# CO2 in tank or sump?



## DavidW (1 Aug 2016)

Hi

Currently I have an inline atomizer on my old tank trigon 190, when I move over to my new tank trigon 350 would it be ok to use the same atomizer or should I put a CO2 diffuser in my Tank or sump?

Thanks


----------



## zozo (2 Aug 2016)

You say it's in line diffuser?? I have a tank with a sump, low tech.. But if i had to put co2 in there i definitely would do it inline via the inlet.. But i got a dry/wet trickle sump..
But if i had another system is still would do it inline, also do inline with the cannister. For me personaly it's no question anymore.. Co2 Diffusers in the tank look funny and intersesting, but why use them if you can and have the option to do it so more sufficient inline??


----------



## DavidW (3 Aug 2016)

zozo said:


> Co2 Diffusers in the tank look funny and intersesting, but why use them if you can and have the option to do it so more sufficient inline??


I've got a 16/22mm inline diffuser, but the pipework on my sump return pump is 25mm pressure pipe so I'm not sure how possible it would be to fit the inline diffuser to the pipework.


----------



## Daveslaney (3 Aug 2016)

If ot was me i would put a diffuser just infront of your pump inlet so the pump sucks the co2 in with the water.
The impeller in the pump would mix the co2 and water well and you should not get cavitation like in a canister filter because your impeller is horizontal not vertical like in a canister filter.
This would be the easiest way IMHO.
If it would work in practice as in theory im not sure. But i see no reason why not.


----------



## zozo (3 Aug 2016)

DavidW said:


> I'm not sure how possible it would be to fit the inline diffuser to the pipework.

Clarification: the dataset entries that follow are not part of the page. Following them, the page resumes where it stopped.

(* Let $m$ be a positive integer and let $\mathcal{P}\in\mathbb{R}^{m\times 123}$ be the bar code forward map $\mathcal{P}=\alpha\,\mathcal{G}(\sigma)\,\mathcal{D}$ described in the context, with columns labelled $p^{(j)}_k$ ($j\in[15]$, $k\in K_j$). Let $I_1,\dots,I_{15}\subset[m]$ and $\varepsilon\in\mathbb{R}$ satisfy (i) $\big\| p^{(j)}_k|_{[m]\setminus I_j}\big\|_1<\varepsilon$ for all $j\in[15]$ and all $k\in K_j$; and (ii) $\Big\| \big(\sum_{j'=j+1}^{15} p^{(j')}_{k_{j'}}\big)\big|_{I_j}\Big\|_1<\varepsilon$ for all $j\in[15]$ and all choices $k_{j+1}\in K_{j+1},\dots,k_{15}\in K_{15}$ (the empty sum, for $j=15$, being $0$). Let $x\in\{0,1\}^{123}$ be a bar code vector, let $h\in\mathbb{R}^m$, and let $d=\mathcal{P}x+h$. Suppose that $$\big\| p^{(j)}_{k_1}|_{I_j}-p^{(j)}_{k_2}|_{I_j}\big\|_1>2\big(\|h|_{I_j}\|_1+2\varepsilon\big)$$ for all $j\in[15]$ and all $k_1,k_2\in K_j$ with $k_1\neq k_2$. Then Algorithm 1, run on input $d$, outputs $\hat x=x$ (regardless of how ties in the argmin are broken).
   Context: Notation: $[m]=\{1,\dots,m\}$. For $v\in\mathbb{R}^m$ and $S\subset[m]$, $v|_S$ denotes the vector of entries of $v$ indexed by $S$, and $\|\cdot\|_1$ is the $\ell_1$ norm. Forward map. Let $n=95$, let $t_1,\dots,t_m\in[0,95]$ be equally spaced points, and let $\sigma>0$, $\alpha>0$. $\mathcal{G}(\sigma)\in\mathbb{R}^{m\times 95}$ has entries $\mathcal{G}_{kj}=\frac{1}{\sqrt{2\pi}\sigma}\int_{j-1}^{j} e^{-(t_k-t)^2/(2\sigma^2)}\,dt$. Let $L,R$ be the $7\times 10$ binary matrices whose $(d+1)$-st column ($d=0,\dots,9$) is respectively the L-pattern and the R-pattern of digit $d$, where the L-patterns for digits $0,\dots,9$ are $0001101,0011001,0010011,0111101,0100011,0110001,0101111,0111011,0110111,0001011$ and each R-pattern is the corresponding L-pattern with $0$s and $1$s interchanged. Let $S=E=(1,0,1)^T$ and $M=(0,1,0,1,0)^T$. $\mathcal{D}\in\{0,1\}^{95\times 123}$ is the block-diagonal matrix $\mathrm{diag}(S,L,L,L,L,L,L,M,R,R,R,R,R,R,E)$. Set $\mathcal{P}=\alpha\mathcal{G}(\sigma)\mathcal{D}$. Column labelling. Let $K_j=\{1\}$ for $j\in\{1,8,15\}$ and $K_j=[10]$ otherwise. $p^{(1)}_1$ is column 1 of $\mathcal{P}$; for $j=2,\dots,7$ and $k\in[10]$, $p^{(j)}_k$ is column $1+10(j-2)+k$; $p^{(8)}_1$ is column 62; for $j=9,\dots,14$ and $k\in[10]$, $p^{(j)}_k$ is column $62+10(j-9)+k$; $p^{(15)}_1$ is column 123. Bar code vector: $x\in\{0,1\}^{123}$ with $x_1=x_{62}=x_{123}=1$ and such that each of the twelve consecutive blocks of $10$ entries with indices $2\!-\!11,12\!-\!21,\dots,52\!-\!61,63\!-\!72,\dots,113\!-\!122$ contains exactly one entry equal to $1$; equivalently $\mathcal{P}x=\sum_{j=1}^{15}p^{(j)}_{k_j}$ for some $k_j\in K_j$. Algorithm 1 (input $d\in\mathbb{R}^m$): set $\hat x_\ell=1$ for $\ell\in\{1,62,123\}$ and $\hat x_\ell=0$ otherwise; set $\delta\leftarrow d-p^{(1)}_1$. For $j=2,3,\dots,14$ in increasing order: if $j=8$, set $\delta\leftarrow\delta-p^{(8)}_1$; otherwise choose $k_{\min}\in\arg\min_{k\in[10]}\|\delta-p^{(j)}_k\|_1$, set $\hat x_\ell=1$ where $\ell$ is the column index of $p^{(j)}_{k_{\min}}$ (i.e. $\ell=1+10(j-2)+k_{\min}$ if $j\le7$, $\ell=62+10(j-9)+k_{\min}$ if $j\ge9$), and set $\delta\leftarrow\delta-p^{(j)}_{k_{\min}}$. Output $\hat x$. *)

From HB Require Import structures.
From mathcomp Require Import all_boot all_order all_algebra.
From mathcomp Require Import all_classical all_reals all_analysis.
Set Implicit Arguments. Unset Strict Implicit. Unset Printing Implicit Defensive.
Import Order.TTheory GRing.Theory Num.Theory.
Import numFieldNormedType.Exports.
Local Open Scope ring_scope.
Section GreedyRetraction.
Variables (n m : nat) (K : {set {set 'I_m}}).

Lemma Eof_free (B : {set {set 'I_m}}) (v : {set 'I_m}) :
  is_free n K B v -> free_with n K B v (Eof n K B v).
Proof. by rewrite /Eof; case: pickP => [//|none] /existsP [E]; rewrite none. Qed.

Definition verts (B : {set {set 'I_m}}) : {set {set 'I_m}} := [set w in B | isvert n K w].

Lemma isvert_subset_eq (w v : {set 'I_m}) :
  isvert n K w -> isvert n K v -> w \subset v -> w = v.
Proof.
case/andP => _ /eqP w_card; case/andP => _ /eqP v_card wv.
by apply/eqP; rewrite eqEcard wv w_card v_card leqnn.
Qed.

Lemma verts_next (B : {set {set 'I_m}}) (v : {set 'I_m}) :
  isvert n K v -> verts (Defs.next B v) = verts B :\ v.
Proof.
move=> vvert; apply/setP => w; rewrite !inE.
have [wvert|] := boolP (isvert n K w); last by rewrite !andbF.
rewrite !andbT; have [wv|wv] /= := boolP (w \subset v).
  by rewrite andbF (isvert_subset_eq wvert vvert wv) eqxx.
by case: eqP wv => [->|_]; rewrite ?subxx ?andbT.
Qed.

Lemma retr_tail_greedy (P : {set {set 'I_m}} -> {set 'I_m} -> {set 'I_m} -> Prop) :
  (forall B, reachable n K B -> exists2 v, is_free n K B v & P B (Eof n K B v) v) ->
  forall B, reachable n K B ->
  exists s, [/\ retr_tail n K B s, size s = #|verts B|
             & forall B' E v, (B', E, v) \in s -> P B' E v].
Proof.
move=> free_choice B; have [N] := ubnP #|B|; elim: N B => // N IH B B_lt B_reach.
have [v v_free Pv] := free_choice B B_reach.
have E_free := Eof_free v_free; set E := Eof n K B v in Pv E_free.
have /and5P [vvert vB EB _ _] := E_free.
have [B1|B_neq1] := eqVneq B [set v].
  exists [:: (B, E, v)]; split.
  - by do 3!split=> //; move: EB; rewrite B1 => /set1P.
  - suff -> : verts B = [set v] by rewrite cards1.
    by apply/setP => w; rewrite B1 !inE; case: eqP => // ->.
  - by move=> B' E' v'; rewrite mem_seq1 => /eqP [-> -> ->].
have next_lt : (#|Defs.next B v| < #|B|)%N.
  apply: proper_card; apply/properP; split.
    by apply/subsetP => S; rewrite inE => /andP [].
  by exists v => //; rewrite inE subxx andbF.
have [s [s_retr s_size s_P]] :=
  IH _ (leq_trans next_lt B_lt) (reachS B_reach v_free B_neq1).
exists ((B, E, v) :: s); split.
- by case: s s_retr {s_size s_P} => [//|t s] s_retr; do 2!split.
- by rewrite /= s_size verts_next // (cardsD1 v (verts B)) inE vB vvert.
- by move=> B' E' v'; rewrite in_cons => /orP [/eqP [-> -> ->] //|]; apply: s_P.
Qed.
Lemma Re_laurent_cube_dist c c' x delta :
  (forall d, d \in D -> `|c' d - c d| < delta%:C%C) ->
  `|complex.Re (laurent_cube c' x) - complex.Re (laurent_cube c x)| <= delta *+ size D.
Proof.
move=> close.
have -> : complex.Re (laurent_cube c' x) - complex.Re (laurent_cube c x) =
    complex.Re (laurent_cube c' x - laurent_cube c x).
  by case: (laurent_cube c' x) => ? ?; case: (laurent_cube c x).
rewrite -lecR; apply: le_trans (normc_ge_Re _) _; rewrite rmorphMn.
have -> : laurent_cube c' x - laurent_cube c x =
    \sum_(d <- D) (c' d - c d) * torus_monomial d x.
  by rewrite !laurent_cubeE -sumrB; apply: eq_bigr => d _; rewrite mulrBl.
apply: le_trans (ler_norm_sum _ _ _) (le_trans _ (_ : \sum_(d <- D) delta%:C <= _)%C).
  rewrite big_seq [leRHS]big_seq; apply: ler_sum => d dD.
  by rewrite normrM norm_torus_monomial mulr1; exact: ltW (close d dD).
by rewrite big_const_seq count_predT iter_addr_0.
Qed.

Hypothesis D_sym : forall d, d \in D -> - d \in D.

Lemma big_fset_opp (f : 'rV[int]_m -> R[i]) :
  \sum_(d <- D) f (- d) = \sum_(d <- D) f d.
Proof.
rewrite -(big_map (fun d => - d) xpredT f); apply: perm_big; apply: uniq_perm.
- by rewrite map_inj_uniq ?fset_uniq //; exact: oppr_inj.
- exact: fset_uniq.
move=> d; rewrite -{1}(opprK d) (mem_map oppr_inj).
by apply/idP/idP => /D_sym //; rewrite opprK.
Qed.

Lemma Im_laurent_cube c x : in_FD D c -> complex.Im (laurent_cube c x) = 0.
Proof.
move=> [c_herm _].
have : ((laurent_cube c x)^*)%C = laurent_cube c x.
  rewrite laurent_cubeE rmorph_sum -[RHS]big_fset_opp.
  rewrite big_seq [RHS]big_seq; apply: eq_bigr => d dD.
  by rewrite rmorphM c_herm // -conj_torus_monomial.
case: (laurent_cube c x) => a b /= [] /eqP.
by rewrite eq_sym -subr_eq0 opprK -mulr2n mulrn_eq0 /= => /eqP.
Qed.

Lemma rho_neg_cube c : in_FD D c ->
  rho_neg D c = cube_prob m [set x | complex.Re (laurent_cube c x) < 0].
Proof.
move=> cFD; rewrite /rho_neg torus_measure_cube; last first.
  exact: measurable_cfun_lt0 (cmeasurable_laurent_cube c).
congr (cube_prob m _); apply/seteqP; split => x /=;
  by rewrite /laurent_cube ltcE /= (Im_laurent_cube x cFD) eqxx.
Qed.

(* Distinct [d] give distinct frequencies, and some [c d] is nonzero since [c] is
   normalized. *)
Lemma Re_laurent_cube_zero_null c : in_FD D c ->
  cube_prob m [set x | complex.Re (laurent_cube c x) = 0] = 0%E.
Proof.
move=> cFD; have [_ c_norm] := cFD.
pose freq (d : 'rV[int]_m) (j : nat) : int :=
  if insub j is Some k then d ord0 k else 0.
have freqE d (k : 'I_m) : freq d k = d ord0 k by rewrite /freq valK.
have laurent_trigpoly x : laurent_cube c x = cube_trigpoly m D c freq x.
  apply: eq_bigr => d _; congr (_ * _); apply: eq_bigr => k _.
  by rewrite /torus_pt freqE.
have -> : [set x | complex.Re (laurent_cube c x) = 0] =
    [set x | cube_trigpoly m D c freq x = 0].
  apply/seteqP; split => x /=; rewrite -laurent_trigpoly; last by move->.
  by have := Im_laurent_cube x cFD; case: (laurent_cube c x) => a b /= -> ->.
have [d0 d0D c_d0] : exists2 d0, d0 \in D & c d0 != 0.
  have [//|no_d0] := pselect (exists2 d0, d0 \in D & c d0 != 0).
  suff : \sum_(d <- D) `|c d| ^+ 2 = 0 by rewrite c_norm => /eqP; rewrite oner_eq0.
  rewrite big_seq big1 // => d dD.
  have [->|nz] := eqVneq (c d) 0; first by rewrite normr0 expr0n.
  by case: no_d0; exists d.
apply: (cube_trigpoly_zero_null (j0 := d0)) => //.
rewrite (eq_bigl (fun d => d == d0)).
  by rewrite -big_filter filter_pred1_uniq ?fset_uniq // big_seq1.
move=> d /=; apply/forallP/eqP => [same|->] //; apply/rowP => k.
by have /eqP := same k; rewrite !freqE.
Qed.

End LaurentOnTorus.

Unset Implicit Arguments.

Theorem lemma2 (R : realType) (m : nat) (D : {fset 'rV[int]_m})
  (hD0 : (0 : 'rV[int]_m) \notin D)
  (hDsym : forall d, d \in D -> - d \in D) :
  forall c : 'rV[int]_m -> R[i], in_FD D c ->
  forall e : R, 0 < e ->
  exists2 delta : R, 0 < delta &
    forall c' : 'rV[int]_m -> R[i], in_FD D c' ->
      (forall d, d \in D -> `|c' d - c d| < (delta%:C)%C) ->
      (`|rho_neg D c' - rho_neg D c| < e%:E)%E.
Proof.
move=> c cFD e e_gt0.
have mRe (c0 : 'rV[int]_m -> R[i]) :
    measurable_fun setT (fun x => complex.Re (laurent_cube D c0 x)).
  exact: (cmeasurable_laurent_cube D c0).1.
have [eta eta_gt0 band_small] :=
  prob_abs_le_small (mRe c) (Re_laurent_cube_zero_null hDsym cFD) e_gt0.
exists (eta / (size D).+1%:R); first by rewrite divr_gt0 // ltr0Sn.
move=> c' c'FD close.
rewrite (rho_neg_cube hDsym cFD) (rho_neg_cube hDsym c'FD).
apply: le_lt_trans band_small; apply: prob_lt0_perturb => // x.
apply: le_lt_trans (Re_laurent_cube_dist x close) _.
by rewrite -[X in X < _]mulr_natr mulrAC ltr_pdivrMr ?ltr0Sn // ltr_pM2l // ltr_nat.
Qed.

Welkom to the world of sumps.  It often, more like always, requires thougths, inventiviness and saw blades etc. to make things work. The last journal i red about sump and co2 the builder made his own reactor/diffuser. I don't think there is any diffuser in the trade specificaly designed to be installe inline in 25mm pvc pressure pipe.

If you have room in th sump, Daveslaneys idea is not bad at all.. All depends on sump design.. Usualy the return pump compartiment is the one with the lowest water level.
So if you place a diffuser there it needs to be very close to the pumps inlet connection. In shallow water co2 bubbles do not disolve quick enough before reaching the surface.

Or think over your 25mm inlet route and see if you can down size it to 16/22.. These are things you need to think about and plan in before everything is build and up and running.

Hard to say what more options you have, every sump is custom and unique, most likely there are no 2 sumps the same.. So when you say sump i only partialy know what you are refering to, how it's build and how it functions in detail.. Is rather a big questionmark i can only guess after. 

The man i'm refering to with his diy build co2 reactor in a sump system is Jason from
https://glassboxgardens.com/ Drop him a line, he knows what he is doing and might be able to help you..


----------



## Daveslaney (3 Aug 2016)

If you put the diffuser close enough to the pump the bubbles would be sucked into the pump and mixed by the impeller. Thats basical the way the sera reactor works that i have. But the impellers are run by the incoming water flow on the sera reactor.
If that dont work well enough a counter flow reactor on your return to tank line would be quite easy to make.


----------



## foxfish (3 Aug 2016)

As Dave says, put a diffuser in front of the sumps return pump inlet ... I have used that method many many times with great sucsses.
One step further would be use a needle wheel return pump and feed the co2 directly into the inlet.
If you have room a simply cut down plastic bottle works well....


----------